◆ **Instructions to follow**: The required output is the exact run of lines below that opens at the line with "equal to j, hence" and closes at the line with "rewrite (eq_bigr (fun _ => (q".

◆ **Supplied data**:
+++++

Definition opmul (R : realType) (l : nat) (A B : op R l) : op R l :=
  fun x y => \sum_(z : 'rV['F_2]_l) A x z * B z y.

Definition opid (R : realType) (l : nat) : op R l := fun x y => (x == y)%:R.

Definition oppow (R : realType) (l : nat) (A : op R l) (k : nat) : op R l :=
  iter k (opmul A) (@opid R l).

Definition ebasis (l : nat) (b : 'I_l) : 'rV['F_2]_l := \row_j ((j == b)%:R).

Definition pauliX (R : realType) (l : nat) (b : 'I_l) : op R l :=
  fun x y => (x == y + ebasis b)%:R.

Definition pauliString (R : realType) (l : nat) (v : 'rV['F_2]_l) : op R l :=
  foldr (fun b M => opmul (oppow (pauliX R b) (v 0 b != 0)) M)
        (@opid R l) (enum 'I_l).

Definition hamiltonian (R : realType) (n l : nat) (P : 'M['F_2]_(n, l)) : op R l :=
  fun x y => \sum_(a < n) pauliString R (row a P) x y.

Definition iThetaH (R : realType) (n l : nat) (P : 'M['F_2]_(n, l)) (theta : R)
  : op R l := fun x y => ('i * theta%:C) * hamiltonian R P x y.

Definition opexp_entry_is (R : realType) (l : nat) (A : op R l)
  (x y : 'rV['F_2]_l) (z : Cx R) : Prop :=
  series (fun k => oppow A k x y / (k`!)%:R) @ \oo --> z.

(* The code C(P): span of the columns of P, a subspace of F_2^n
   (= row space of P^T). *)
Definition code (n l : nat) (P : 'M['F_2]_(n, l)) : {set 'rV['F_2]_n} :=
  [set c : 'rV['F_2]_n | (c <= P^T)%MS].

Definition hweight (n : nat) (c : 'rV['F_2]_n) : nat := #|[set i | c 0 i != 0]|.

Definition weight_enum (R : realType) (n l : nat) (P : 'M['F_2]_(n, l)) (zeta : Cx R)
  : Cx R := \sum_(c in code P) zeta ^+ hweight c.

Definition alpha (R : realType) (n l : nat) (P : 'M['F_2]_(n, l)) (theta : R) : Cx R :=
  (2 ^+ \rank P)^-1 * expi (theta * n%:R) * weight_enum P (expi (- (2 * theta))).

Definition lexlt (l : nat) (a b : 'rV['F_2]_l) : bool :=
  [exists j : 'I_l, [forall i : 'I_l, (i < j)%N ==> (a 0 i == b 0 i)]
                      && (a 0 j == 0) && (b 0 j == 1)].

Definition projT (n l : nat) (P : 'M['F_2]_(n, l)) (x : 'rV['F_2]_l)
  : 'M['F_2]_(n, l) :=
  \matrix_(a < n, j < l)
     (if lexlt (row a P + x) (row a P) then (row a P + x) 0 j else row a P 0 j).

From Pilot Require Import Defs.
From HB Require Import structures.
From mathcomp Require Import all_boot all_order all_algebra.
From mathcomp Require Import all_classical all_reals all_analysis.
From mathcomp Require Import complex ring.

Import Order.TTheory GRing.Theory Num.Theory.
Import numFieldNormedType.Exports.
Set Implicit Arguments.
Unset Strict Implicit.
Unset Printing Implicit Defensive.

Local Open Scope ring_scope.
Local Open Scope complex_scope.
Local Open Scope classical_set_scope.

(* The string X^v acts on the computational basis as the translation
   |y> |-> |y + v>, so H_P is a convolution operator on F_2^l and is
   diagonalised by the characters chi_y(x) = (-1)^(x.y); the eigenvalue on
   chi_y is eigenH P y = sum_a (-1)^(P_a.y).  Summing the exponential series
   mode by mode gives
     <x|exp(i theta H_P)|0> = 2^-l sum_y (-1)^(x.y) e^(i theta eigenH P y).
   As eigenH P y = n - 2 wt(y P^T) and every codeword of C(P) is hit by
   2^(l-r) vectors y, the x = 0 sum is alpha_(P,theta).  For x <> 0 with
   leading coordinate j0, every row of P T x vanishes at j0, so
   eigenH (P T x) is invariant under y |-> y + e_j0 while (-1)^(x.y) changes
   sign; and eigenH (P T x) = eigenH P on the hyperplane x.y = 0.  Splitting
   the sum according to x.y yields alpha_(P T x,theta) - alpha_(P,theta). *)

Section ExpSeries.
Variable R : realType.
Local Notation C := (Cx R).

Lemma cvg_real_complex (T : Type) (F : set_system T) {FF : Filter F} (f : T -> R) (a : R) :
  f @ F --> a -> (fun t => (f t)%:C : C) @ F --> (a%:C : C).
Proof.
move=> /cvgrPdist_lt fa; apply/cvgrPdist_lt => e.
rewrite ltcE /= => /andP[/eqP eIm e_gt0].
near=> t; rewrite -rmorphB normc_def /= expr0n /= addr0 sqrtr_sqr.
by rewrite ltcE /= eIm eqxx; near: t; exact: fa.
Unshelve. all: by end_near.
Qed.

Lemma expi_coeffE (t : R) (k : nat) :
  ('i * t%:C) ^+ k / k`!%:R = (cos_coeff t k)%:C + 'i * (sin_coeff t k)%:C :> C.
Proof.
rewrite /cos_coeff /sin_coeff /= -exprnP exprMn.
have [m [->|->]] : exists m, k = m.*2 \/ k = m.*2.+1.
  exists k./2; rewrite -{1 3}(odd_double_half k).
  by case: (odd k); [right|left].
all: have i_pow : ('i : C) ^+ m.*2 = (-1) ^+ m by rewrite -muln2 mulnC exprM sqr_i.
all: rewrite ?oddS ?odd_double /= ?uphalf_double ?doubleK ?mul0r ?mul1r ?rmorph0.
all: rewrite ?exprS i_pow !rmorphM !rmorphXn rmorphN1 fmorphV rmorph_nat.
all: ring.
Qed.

+++++

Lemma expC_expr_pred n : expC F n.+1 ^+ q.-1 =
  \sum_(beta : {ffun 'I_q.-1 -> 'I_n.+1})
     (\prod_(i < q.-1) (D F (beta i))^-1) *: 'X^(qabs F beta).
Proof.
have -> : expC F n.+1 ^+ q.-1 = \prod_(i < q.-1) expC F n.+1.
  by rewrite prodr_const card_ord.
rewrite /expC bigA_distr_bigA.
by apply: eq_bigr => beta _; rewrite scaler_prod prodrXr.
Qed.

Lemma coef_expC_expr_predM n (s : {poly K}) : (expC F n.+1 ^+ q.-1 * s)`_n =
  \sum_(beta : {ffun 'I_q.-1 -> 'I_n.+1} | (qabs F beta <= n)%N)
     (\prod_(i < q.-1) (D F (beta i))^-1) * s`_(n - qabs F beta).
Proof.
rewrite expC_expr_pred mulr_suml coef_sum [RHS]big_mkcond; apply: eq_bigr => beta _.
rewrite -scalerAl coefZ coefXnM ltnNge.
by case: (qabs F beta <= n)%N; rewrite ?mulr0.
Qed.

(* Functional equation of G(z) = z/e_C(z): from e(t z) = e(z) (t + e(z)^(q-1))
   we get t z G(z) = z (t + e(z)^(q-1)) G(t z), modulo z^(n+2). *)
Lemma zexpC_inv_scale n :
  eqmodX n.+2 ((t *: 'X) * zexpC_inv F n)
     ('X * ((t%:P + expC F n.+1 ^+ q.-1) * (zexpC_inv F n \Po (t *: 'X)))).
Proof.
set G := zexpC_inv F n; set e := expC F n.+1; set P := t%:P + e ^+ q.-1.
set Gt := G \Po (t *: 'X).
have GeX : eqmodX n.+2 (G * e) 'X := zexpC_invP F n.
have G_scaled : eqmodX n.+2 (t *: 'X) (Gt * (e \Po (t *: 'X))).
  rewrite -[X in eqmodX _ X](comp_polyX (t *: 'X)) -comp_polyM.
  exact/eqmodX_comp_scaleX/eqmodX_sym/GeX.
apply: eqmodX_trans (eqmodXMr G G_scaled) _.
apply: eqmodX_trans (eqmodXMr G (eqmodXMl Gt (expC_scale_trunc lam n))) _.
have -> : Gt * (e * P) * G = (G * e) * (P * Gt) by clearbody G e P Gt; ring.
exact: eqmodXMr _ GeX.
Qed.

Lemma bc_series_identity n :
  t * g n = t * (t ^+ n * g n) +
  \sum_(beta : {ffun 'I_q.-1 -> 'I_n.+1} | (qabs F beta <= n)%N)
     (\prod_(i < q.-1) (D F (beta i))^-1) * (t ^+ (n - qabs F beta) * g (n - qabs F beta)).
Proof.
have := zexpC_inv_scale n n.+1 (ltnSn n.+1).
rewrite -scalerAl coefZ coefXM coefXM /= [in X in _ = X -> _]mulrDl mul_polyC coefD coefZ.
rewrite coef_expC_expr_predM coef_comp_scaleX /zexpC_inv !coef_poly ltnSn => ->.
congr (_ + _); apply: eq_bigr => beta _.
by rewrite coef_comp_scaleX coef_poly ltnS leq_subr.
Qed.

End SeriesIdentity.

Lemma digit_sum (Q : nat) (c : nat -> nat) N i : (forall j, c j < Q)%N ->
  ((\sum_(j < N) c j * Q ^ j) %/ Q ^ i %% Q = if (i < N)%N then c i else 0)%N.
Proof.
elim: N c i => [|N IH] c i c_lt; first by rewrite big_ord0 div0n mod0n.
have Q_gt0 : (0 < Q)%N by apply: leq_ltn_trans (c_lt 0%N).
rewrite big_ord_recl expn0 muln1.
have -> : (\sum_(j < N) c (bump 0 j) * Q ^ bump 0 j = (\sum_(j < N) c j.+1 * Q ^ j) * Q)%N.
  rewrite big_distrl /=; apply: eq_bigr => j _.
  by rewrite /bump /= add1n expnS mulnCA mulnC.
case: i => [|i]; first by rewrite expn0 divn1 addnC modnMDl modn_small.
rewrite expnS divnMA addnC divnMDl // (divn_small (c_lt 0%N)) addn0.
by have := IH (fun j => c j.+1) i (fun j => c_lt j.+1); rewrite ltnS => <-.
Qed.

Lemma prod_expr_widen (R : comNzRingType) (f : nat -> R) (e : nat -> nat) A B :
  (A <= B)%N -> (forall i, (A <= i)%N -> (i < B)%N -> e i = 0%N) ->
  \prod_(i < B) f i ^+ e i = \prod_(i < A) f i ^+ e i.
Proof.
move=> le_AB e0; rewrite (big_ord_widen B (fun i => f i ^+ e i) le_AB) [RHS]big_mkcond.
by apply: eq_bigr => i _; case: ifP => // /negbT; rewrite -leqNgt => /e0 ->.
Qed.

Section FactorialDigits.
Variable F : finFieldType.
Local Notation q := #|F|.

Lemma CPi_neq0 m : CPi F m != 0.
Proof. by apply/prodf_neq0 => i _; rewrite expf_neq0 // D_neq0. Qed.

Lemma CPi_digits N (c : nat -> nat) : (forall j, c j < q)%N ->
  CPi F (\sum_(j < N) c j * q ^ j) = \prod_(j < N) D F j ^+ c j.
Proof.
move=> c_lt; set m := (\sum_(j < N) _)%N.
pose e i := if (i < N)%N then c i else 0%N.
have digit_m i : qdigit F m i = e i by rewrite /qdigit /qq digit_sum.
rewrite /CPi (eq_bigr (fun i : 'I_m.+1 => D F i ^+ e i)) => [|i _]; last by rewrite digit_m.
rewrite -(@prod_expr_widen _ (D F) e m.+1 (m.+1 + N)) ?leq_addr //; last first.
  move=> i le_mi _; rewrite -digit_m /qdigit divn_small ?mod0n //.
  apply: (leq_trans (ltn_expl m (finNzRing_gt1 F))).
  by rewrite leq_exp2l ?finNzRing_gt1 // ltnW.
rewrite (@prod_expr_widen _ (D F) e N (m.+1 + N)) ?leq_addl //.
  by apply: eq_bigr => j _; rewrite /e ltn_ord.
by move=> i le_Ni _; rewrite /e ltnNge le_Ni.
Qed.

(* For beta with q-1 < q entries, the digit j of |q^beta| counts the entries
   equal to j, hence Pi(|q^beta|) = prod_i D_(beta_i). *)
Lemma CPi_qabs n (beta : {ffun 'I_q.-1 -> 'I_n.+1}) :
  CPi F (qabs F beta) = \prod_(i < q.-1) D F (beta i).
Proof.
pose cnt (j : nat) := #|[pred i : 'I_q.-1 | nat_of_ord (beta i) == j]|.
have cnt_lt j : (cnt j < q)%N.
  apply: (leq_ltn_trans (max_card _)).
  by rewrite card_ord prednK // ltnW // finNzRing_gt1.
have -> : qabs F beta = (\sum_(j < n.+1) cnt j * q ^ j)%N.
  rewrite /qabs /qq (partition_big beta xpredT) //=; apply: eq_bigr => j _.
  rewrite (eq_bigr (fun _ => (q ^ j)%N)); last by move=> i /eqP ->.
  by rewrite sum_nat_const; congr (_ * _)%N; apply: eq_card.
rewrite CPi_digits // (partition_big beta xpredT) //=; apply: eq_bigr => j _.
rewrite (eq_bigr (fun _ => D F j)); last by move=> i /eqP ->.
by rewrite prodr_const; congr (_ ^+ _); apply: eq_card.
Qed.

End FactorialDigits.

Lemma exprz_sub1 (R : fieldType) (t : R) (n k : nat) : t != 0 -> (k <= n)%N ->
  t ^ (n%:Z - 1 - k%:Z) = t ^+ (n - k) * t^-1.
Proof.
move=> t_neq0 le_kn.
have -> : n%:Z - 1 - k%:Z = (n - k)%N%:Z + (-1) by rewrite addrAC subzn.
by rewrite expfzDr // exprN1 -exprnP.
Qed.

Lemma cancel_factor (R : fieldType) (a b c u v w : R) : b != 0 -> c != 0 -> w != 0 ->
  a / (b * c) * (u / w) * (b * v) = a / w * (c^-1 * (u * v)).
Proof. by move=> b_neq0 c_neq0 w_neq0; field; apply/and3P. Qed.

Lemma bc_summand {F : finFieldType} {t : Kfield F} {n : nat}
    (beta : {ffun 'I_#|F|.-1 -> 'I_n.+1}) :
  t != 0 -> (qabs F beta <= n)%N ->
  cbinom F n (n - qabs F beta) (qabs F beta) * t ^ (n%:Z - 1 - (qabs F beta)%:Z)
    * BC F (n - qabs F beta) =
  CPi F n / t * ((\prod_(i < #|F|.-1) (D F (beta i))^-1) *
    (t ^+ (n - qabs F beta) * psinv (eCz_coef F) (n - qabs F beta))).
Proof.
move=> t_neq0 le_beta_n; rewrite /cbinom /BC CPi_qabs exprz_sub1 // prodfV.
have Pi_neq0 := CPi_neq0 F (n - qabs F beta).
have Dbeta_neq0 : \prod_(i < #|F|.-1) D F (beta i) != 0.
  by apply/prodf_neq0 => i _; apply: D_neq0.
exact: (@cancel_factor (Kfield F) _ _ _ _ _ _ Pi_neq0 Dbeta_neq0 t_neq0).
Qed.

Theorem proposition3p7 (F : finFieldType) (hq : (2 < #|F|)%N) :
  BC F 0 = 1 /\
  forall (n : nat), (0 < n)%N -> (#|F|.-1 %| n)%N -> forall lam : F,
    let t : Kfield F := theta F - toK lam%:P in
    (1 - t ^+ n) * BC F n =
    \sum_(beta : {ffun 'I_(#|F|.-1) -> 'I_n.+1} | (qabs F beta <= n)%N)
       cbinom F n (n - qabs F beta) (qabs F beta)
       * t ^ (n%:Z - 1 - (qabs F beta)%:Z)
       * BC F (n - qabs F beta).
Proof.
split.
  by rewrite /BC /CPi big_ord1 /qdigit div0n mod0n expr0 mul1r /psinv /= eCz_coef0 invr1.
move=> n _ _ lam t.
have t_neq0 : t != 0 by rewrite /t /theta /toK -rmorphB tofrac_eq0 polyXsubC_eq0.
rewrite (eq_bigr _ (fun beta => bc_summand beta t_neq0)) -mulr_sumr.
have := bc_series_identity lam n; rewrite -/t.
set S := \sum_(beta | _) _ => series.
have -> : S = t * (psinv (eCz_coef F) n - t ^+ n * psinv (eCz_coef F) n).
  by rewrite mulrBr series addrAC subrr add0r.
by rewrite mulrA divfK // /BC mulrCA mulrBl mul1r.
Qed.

+++++

◆ **Result of the task**:
   equal to j, hence Pi(|q^beta|) = prod_i D_(beta_i). *)
Lemma CPi_qabs n (beta : {ffun 'I_q.-1 -> 'I_n.+1}) :
  CPi F (qabs F beta) = \prod_(i < q.-1) D F (beta i).
Proof.
pose cnt (j : nat) := #|[pred i : 'I_q.-1 | nat_of_ord (beta i) == j]|.
have cnt_lt j : (cnt j < q)%N.
  apply: (leq_ltn_trans (max_card _)).
  by rewrite card_ord prednK // ltnW // finNzRing_gt1.
have -> : qabs F beta = (\sum_(j < n.+1) cnt j * q ^ j)%N.
  rewrite /qabs /qq (partition_big beta xpredT) //=; apply: eq_bigr => j _.
  rewrite (eq_bigr (fun _ => (q ^ j)%N)); last by move=> i /eqP ->.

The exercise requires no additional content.